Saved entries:

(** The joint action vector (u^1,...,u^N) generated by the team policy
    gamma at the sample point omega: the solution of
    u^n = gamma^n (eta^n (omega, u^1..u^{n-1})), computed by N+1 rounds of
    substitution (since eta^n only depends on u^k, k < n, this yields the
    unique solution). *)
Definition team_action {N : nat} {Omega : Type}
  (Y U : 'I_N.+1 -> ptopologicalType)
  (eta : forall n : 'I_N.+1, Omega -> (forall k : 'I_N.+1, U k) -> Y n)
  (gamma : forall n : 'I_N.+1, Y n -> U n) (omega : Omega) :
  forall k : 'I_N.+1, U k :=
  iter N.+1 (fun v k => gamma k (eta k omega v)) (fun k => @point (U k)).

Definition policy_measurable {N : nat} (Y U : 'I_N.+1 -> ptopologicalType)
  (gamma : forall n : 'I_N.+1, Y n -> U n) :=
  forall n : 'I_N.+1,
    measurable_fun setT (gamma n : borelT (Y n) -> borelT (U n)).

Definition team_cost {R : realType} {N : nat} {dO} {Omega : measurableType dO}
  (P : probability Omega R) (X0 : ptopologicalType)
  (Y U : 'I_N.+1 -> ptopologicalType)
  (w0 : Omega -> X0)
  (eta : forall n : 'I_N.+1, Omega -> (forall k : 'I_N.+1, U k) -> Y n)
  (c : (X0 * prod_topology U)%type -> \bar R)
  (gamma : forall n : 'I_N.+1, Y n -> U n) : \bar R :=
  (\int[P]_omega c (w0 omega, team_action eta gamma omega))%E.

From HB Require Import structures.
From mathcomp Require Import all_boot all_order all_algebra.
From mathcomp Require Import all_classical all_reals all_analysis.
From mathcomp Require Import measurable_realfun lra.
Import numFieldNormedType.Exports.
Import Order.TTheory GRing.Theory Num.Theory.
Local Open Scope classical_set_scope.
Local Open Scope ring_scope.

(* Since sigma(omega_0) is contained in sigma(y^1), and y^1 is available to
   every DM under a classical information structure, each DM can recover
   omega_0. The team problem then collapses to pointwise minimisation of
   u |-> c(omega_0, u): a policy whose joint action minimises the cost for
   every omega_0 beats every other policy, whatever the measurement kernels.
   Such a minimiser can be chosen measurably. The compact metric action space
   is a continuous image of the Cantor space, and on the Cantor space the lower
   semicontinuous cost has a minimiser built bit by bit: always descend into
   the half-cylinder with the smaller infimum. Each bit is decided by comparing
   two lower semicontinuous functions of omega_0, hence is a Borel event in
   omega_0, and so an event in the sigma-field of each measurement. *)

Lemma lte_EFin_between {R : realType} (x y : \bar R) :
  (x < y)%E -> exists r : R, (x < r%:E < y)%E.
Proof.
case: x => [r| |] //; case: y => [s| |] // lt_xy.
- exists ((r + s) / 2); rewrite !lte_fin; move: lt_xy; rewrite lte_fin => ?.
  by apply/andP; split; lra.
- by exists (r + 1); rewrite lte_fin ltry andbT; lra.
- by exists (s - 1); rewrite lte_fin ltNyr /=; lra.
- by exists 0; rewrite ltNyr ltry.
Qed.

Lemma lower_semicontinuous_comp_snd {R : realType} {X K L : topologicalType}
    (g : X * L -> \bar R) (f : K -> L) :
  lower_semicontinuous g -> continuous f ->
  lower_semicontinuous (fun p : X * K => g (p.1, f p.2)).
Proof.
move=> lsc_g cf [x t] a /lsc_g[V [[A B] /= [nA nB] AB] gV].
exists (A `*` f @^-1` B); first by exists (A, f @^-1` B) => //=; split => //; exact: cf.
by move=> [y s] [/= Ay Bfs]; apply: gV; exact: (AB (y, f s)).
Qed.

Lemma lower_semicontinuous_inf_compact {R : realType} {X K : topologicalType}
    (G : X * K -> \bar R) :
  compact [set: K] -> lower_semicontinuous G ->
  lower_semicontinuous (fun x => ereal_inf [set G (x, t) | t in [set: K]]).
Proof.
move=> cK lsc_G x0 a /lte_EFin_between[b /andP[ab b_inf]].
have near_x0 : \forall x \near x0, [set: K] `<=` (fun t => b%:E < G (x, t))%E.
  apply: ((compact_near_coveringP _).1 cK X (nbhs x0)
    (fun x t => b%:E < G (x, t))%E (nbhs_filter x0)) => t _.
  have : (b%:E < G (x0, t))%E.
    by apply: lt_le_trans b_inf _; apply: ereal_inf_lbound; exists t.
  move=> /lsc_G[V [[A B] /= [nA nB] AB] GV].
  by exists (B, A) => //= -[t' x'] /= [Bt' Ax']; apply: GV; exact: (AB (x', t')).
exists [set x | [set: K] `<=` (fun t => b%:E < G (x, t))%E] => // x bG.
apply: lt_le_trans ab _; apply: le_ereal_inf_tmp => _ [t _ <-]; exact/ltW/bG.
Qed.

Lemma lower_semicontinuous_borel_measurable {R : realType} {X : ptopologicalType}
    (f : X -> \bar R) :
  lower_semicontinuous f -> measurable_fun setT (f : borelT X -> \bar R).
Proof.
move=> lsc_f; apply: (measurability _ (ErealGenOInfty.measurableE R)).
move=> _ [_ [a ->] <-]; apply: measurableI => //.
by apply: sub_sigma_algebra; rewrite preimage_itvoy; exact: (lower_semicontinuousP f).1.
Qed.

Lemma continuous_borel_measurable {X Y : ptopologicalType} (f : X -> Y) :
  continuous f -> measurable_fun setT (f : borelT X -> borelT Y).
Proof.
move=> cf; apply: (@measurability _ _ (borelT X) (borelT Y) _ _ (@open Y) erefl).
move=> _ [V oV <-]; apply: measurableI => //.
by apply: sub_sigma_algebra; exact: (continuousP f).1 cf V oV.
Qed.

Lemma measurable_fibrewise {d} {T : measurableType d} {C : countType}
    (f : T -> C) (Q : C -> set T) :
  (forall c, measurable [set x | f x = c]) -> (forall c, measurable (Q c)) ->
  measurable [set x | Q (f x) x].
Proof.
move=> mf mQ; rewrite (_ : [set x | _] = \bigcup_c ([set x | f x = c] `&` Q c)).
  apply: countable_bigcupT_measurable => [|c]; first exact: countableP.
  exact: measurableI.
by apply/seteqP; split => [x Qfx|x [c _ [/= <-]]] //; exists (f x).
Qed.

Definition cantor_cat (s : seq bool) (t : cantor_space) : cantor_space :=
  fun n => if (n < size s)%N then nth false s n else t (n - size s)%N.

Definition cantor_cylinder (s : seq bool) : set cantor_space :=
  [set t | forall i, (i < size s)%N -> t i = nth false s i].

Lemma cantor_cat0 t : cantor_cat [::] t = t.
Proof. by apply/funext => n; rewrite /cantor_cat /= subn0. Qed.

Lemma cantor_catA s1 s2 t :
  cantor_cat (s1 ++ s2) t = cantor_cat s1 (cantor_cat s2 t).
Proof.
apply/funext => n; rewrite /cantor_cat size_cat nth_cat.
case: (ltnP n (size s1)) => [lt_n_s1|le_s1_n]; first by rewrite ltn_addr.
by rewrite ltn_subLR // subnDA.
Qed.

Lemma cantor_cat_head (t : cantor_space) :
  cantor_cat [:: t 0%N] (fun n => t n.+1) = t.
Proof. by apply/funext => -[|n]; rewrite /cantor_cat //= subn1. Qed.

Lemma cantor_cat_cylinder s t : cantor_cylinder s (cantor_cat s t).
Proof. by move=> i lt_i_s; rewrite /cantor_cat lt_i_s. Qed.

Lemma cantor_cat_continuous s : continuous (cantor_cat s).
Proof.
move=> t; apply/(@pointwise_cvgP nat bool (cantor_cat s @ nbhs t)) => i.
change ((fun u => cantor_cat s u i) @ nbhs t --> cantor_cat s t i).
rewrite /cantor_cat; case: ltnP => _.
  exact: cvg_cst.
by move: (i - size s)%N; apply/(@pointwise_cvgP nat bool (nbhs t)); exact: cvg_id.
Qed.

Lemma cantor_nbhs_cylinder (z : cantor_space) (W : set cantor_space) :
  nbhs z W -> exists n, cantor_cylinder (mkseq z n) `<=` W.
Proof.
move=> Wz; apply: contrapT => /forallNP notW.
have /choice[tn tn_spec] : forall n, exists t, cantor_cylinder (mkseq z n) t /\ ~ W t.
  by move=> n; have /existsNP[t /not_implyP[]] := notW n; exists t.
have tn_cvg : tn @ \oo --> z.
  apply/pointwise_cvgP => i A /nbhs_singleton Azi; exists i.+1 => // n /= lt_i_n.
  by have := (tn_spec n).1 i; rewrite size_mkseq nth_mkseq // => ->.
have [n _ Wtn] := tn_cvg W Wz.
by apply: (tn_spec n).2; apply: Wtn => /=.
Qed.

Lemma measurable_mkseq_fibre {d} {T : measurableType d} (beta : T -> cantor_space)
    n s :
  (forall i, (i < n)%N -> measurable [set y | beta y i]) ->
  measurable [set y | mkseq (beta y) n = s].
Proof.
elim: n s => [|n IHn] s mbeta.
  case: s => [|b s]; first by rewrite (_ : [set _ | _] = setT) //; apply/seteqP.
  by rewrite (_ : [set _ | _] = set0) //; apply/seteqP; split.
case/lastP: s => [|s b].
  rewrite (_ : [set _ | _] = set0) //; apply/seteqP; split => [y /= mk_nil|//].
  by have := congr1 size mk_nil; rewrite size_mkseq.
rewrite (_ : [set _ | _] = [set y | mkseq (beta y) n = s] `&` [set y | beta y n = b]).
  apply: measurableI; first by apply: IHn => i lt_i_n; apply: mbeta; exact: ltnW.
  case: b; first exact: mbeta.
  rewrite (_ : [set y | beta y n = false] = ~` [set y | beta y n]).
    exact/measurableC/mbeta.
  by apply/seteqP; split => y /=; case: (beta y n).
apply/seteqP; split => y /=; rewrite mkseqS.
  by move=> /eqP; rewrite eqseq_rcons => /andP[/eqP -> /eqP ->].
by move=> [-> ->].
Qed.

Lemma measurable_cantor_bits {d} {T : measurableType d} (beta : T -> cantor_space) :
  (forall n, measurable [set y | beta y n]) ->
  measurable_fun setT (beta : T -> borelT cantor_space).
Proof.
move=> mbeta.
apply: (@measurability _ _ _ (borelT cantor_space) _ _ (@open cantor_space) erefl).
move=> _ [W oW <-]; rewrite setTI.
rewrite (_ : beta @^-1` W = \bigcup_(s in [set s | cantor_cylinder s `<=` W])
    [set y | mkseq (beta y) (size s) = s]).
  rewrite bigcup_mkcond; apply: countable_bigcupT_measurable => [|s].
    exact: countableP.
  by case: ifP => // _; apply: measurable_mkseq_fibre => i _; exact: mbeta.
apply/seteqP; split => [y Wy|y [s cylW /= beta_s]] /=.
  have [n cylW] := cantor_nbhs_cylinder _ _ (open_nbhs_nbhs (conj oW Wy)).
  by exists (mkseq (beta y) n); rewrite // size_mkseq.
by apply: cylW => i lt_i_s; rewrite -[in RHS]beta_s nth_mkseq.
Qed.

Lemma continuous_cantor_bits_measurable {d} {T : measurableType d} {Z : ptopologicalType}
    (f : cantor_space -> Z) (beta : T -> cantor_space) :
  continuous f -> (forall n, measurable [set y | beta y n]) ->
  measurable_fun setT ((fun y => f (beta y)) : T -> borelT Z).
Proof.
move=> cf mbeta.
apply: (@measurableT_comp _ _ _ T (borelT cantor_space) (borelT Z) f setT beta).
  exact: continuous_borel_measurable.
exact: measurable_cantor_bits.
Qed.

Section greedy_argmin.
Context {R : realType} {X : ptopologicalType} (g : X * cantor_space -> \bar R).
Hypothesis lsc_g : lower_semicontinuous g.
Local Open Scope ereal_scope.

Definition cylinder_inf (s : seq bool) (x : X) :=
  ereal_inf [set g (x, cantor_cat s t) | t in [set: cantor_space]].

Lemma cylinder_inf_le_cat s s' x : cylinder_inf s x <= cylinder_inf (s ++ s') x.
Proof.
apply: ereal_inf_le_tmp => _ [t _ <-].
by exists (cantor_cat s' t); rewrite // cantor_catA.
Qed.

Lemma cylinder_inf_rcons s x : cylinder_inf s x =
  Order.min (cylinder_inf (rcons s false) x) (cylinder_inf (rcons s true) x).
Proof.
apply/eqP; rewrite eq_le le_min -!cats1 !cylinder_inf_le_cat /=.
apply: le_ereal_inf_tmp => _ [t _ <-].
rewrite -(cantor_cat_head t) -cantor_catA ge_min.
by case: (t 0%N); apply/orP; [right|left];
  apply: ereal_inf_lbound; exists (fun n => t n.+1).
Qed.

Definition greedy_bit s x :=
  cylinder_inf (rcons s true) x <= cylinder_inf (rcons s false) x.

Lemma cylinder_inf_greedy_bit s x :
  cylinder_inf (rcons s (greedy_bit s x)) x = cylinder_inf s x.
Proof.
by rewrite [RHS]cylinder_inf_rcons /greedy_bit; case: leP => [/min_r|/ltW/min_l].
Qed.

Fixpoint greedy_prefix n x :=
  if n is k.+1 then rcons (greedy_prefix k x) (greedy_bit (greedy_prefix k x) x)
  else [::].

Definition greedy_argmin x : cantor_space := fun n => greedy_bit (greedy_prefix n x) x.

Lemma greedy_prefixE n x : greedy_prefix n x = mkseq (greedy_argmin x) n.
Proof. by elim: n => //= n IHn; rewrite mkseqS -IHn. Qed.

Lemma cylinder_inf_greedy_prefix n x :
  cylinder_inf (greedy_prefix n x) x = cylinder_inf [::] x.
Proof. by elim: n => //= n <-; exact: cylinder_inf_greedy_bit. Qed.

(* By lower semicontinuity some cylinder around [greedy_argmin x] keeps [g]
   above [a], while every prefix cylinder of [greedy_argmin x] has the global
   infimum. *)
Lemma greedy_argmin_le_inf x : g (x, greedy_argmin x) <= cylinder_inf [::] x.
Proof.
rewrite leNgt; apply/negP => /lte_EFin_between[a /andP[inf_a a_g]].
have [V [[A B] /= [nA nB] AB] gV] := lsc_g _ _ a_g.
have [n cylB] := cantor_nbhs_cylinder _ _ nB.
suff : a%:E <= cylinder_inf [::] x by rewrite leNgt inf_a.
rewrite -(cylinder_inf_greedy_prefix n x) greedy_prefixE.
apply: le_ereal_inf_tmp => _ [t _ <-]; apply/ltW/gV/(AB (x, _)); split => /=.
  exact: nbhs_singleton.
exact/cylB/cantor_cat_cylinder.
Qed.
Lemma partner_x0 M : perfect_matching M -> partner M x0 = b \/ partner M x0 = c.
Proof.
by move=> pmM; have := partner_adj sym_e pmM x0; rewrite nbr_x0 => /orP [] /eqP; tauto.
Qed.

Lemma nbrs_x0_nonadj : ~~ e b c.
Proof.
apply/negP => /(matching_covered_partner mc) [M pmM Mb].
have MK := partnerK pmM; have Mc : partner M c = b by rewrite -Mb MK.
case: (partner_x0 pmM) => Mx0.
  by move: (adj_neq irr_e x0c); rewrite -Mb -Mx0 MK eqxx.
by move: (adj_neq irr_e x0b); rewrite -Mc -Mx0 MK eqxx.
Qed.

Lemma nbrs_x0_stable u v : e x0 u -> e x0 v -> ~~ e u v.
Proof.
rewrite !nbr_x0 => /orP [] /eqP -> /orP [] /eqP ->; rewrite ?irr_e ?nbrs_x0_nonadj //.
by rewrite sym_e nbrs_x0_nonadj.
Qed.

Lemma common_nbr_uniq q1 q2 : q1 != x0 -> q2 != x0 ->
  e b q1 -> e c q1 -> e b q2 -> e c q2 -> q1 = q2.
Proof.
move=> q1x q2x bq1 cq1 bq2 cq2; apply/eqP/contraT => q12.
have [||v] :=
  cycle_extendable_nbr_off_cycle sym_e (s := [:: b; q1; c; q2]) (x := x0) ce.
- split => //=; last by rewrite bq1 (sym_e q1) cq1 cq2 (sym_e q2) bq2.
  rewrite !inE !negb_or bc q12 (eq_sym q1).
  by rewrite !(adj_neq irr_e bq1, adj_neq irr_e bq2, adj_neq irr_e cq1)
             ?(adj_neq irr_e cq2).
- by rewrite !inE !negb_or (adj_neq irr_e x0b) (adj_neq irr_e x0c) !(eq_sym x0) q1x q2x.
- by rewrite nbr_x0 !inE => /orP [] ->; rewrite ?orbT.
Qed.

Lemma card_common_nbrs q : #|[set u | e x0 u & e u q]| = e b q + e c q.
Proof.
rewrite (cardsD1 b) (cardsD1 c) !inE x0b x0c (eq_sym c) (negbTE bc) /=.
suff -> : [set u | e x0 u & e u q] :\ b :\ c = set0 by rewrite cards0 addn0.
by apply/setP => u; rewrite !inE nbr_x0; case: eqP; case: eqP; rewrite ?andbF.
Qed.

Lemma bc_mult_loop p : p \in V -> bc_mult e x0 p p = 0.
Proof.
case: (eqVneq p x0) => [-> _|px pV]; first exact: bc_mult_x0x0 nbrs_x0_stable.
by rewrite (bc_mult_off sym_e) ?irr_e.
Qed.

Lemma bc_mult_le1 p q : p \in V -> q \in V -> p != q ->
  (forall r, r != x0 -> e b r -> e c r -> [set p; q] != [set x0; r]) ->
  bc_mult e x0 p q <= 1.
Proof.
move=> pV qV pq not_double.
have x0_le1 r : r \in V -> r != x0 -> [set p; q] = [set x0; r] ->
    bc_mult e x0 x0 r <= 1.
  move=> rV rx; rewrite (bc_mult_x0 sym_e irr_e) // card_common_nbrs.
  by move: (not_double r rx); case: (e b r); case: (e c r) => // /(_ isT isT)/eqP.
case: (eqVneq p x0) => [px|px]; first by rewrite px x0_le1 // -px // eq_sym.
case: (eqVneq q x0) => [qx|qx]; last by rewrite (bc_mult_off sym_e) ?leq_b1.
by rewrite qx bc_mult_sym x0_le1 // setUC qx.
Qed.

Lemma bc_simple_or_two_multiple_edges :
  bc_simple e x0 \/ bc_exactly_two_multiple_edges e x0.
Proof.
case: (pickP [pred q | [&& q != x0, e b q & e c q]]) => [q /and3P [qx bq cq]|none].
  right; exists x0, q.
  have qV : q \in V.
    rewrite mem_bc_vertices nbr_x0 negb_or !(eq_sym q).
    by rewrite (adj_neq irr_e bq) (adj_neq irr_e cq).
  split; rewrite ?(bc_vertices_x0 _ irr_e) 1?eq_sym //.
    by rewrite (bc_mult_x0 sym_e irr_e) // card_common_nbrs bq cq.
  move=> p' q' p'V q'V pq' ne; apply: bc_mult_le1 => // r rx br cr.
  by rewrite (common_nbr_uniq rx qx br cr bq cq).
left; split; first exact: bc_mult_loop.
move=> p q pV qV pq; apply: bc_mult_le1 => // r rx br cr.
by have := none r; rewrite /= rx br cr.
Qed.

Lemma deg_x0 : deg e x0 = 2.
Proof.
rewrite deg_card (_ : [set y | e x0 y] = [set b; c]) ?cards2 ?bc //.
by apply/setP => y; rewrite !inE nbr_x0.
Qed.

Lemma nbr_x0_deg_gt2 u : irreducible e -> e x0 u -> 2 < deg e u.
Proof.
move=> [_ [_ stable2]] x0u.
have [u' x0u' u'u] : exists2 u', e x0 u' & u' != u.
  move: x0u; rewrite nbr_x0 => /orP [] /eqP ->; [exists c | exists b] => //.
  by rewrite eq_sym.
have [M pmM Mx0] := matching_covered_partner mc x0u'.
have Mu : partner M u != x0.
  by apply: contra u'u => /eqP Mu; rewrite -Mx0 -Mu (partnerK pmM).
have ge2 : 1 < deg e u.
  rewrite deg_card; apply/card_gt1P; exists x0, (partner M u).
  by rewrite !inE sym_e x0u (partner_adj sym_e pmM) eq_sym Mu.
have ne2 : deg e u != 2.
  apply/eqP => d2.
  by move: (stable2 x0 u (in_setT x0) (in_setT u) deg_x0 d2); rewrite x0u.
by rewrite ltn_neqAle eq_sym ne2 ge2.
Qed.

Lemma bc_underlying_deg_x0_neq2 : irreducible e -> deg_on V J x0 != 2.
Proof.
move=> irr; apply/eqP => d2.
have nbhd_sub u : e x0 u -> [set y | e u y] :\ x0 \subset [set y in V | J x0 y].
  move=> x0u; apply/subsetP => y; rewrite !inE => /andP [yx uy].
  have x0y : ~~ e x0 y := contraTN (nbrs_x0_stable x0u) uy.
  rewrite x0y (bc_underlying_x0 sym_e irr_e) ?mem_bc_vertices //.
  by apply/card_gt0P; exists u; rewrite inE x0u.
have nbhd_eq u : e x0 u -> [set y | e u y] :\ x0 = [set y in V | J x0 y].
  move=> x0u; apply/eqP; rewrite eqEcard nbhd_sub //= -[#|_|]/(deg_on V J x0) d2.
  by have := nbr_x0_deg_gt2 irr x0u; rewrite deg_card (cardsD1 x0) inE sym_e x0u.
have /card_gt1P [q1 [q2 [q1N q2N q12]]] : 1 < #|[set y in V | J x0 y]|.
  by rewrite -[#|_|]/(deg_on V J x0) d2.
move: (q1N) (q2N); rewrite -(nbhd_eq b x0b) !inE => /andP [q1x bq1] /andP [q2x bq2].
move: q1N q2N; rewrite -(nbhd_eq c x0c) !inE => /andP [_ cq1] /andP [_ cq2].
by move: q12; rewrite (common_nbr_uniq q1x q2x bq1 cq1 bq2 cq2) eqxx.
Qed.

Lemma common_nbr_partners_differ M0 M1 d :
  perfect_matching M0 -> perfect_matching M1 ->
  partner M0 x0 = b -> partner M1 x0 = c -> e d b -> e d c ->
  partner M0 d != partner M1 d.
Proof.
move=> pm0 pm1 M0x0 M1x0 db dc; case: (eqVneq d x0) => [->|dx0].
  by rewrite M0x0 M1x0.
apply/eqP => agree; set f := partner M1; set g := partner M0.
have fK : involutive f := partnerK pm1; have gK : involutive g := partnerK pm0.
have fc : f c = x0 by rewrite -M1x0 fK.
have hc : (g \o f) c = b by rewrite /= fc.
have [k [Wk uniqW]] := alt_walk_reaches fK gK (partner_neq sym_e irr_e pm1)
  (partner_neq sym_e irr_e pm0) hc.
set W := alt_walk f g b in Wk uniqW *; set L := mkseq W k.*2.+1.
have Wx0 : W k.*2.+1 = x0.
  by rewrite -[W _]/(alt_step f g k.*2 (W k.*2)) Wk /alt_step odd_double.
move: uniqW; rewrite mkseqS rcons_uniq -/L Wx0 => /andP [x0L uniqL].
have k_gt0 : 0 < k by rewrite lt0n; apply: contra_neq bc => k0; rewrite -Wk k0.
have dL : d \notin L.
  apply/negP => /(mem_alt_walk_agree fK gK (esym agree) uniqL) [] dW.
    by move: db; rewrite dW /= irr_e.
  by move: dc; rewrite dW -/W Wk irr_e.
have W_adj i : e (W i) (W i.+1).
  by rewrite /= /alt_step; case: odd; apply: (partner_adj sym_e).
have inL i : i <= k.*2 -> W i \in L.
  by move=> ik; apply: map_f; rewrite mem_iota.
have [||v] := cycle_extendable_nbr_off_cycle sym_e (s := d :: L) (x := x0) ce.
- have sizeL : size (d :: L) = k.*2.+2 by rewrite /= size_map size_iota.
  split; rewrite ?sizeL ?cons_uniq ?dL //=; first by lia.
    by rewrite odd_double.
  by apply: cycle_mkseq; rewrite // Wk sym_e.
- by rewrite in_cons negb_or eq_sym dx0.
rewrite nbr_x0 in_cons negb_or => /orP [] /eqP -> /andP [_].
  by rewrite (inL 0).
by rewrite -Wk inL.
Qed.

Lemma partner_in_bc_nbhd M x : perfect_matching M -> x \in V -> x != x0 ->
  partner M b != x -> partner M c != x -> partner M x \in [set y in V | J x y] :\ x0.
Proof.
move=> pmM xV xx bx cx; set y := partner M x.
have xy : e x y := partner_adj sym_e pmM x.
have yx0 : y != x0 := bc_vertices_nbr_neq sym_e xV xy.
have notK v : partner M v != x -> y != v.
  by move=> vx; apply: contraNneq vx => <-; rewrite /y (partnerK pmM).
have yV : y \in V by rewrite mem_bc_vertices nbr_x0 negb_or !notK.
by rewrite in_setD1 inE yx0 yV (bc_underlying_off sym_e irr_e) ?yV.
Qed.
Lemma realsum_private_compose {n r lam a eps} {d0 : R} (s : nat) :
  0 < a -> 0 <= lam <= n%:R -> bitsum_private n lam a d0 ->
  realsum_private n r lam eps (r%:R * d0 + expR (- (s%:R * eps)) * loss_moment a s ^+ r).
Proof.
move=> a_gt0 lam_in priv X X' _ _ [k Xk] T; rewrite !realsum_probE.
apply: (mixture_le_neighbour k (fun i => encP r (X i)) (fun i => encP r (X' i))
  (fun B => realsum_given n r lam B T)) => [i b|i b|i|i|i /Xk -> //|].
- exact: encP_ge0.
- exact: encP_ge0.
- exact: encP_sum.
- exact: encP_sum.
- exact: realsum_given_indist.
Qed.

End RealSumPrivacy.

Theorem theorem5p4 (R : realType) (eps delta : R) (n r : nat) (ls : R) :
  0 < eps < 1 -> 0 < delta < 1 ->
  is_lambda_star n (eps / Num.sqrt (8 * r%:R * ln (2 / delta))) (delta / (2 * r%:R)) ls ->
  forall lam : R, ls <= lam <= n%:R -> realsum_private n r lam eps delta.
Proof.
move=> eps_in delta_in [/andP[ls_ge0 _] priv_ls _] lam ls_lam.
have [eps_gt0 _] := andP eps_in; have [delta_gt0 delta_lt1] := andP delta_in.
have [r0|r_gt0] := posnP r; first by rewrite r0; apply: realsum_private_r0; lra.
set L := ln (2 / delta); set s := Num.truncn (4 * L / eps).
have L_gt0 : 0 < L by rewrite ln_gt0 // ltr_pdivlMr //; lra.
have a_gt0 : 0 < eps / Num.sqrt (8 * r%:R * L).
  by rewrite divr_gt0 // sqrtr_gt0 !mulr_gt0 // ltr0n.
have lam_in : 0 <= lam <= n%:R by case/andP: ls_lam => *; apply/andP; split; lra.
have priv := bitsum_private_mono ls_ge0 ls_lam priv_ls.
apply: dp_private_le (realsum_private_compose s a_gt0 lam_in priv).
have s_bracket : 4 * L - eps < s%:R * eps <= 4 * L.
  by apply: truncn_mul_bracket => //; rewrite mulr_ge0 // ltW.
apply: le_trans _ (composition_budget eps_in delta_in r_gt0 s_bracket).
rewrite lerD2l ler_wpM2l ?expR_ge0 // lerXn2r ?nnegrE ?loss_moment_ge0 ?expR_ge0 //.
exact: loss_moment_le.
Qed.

• The task: From the entries above, restate word for word the lines from the line containing "have MK := partnerK" to the line containing "Lemma bc_mult_le1 p", both ends included, and nothing more.

• Output for this exercise:
have MK := partnerK pmM; have Mc : partner M c = b by rewrite -Mb MK.
case: (partner_x0 pmM) => Mx0.
  by move: (adj_neq irr_e x0c); rewrite -Mb -Mx0 MK eqxx.
by move: (adj_neq irr_e x0b); rewrite -Mc -Mx0 MK eqxx.
Qed.

Lemma nbrs_x0_stable u v : e x0 u -> e x0 v -> ~~ e u v.
Proof.
rewrite !nbr_x0 => /orP [] /eqP -> /orP [] /eqP ->; rewrite ?irr_e ?nbrs_x0_nonadj //.
by rewrite sym_e nbrs_x0_nonadj.
Qed.

Lemma common_nbr_uniq q1 q2 : q1 != x0 -> q2 != x0 ->
  e b q1 -> e c q1 -> e b q2 -> e c q2 -> q1 = q2.
Proof.
move=> q1x q2x bq1 cq1 bq2 cq2; apply/eqP/contraT => q12.
have [||v] :=
  cycle_extendable_nbr_off_cycle sym_e (s := [:: b; q1; c; q2]) (x := x0) ce.
- split => //=; last by rewrite bq1 (sym_e q1) cq1 cq2 (sym_e q2) bq2.
  rewrite !inE !negb_or bc q12 (eq_sym q1).
  by rewrite !(adj_neq irr_e bq1, adj_neq irr_e bq2, adj_neq irr_e cq1)
             ?(adj_neq irr_e cq2).
- by rewrite !inE !negb_or (adj_neq irr_e x0b) (adj_neq irr_e x0c) !(eq_sym x0) q1x q2x.
- by rewrite nbr_x0 !inE => /orP [] ->; rewrite ?orbT.
Qed.

Lemma card_common_nbrs q : #|[set u | e x0 u & e u q]| = e b q + e c q.
Proof.
rewrite (cardsD1 b) (cardsD1 c) !inE x0b x0c (eq_sym c) (negbTE bc) /=.
suff -> : [set u | e x0 u & e u q] :\ b :\ c = set0 by rewrite cards0 addn0.
by apply/setP => u; rewrite !inE nbr_x0; case: eqP; case: eqP; rewrite ?andbF.
Qed.

Lemma bc_mult_loop p : p \in V -> bc_mult e x0 p p = 0.
Proof.
case: (eqVneq p x0) => [-> _|px pV]; first exact: bc_mult_x0x0 nbrs_x0_stable.
by rewrite (bc_mult_off sym_e) ?irr_e.
Qed.

Lemma bc_mult_le1 p q : p \in V -> q \in V -> p != q ->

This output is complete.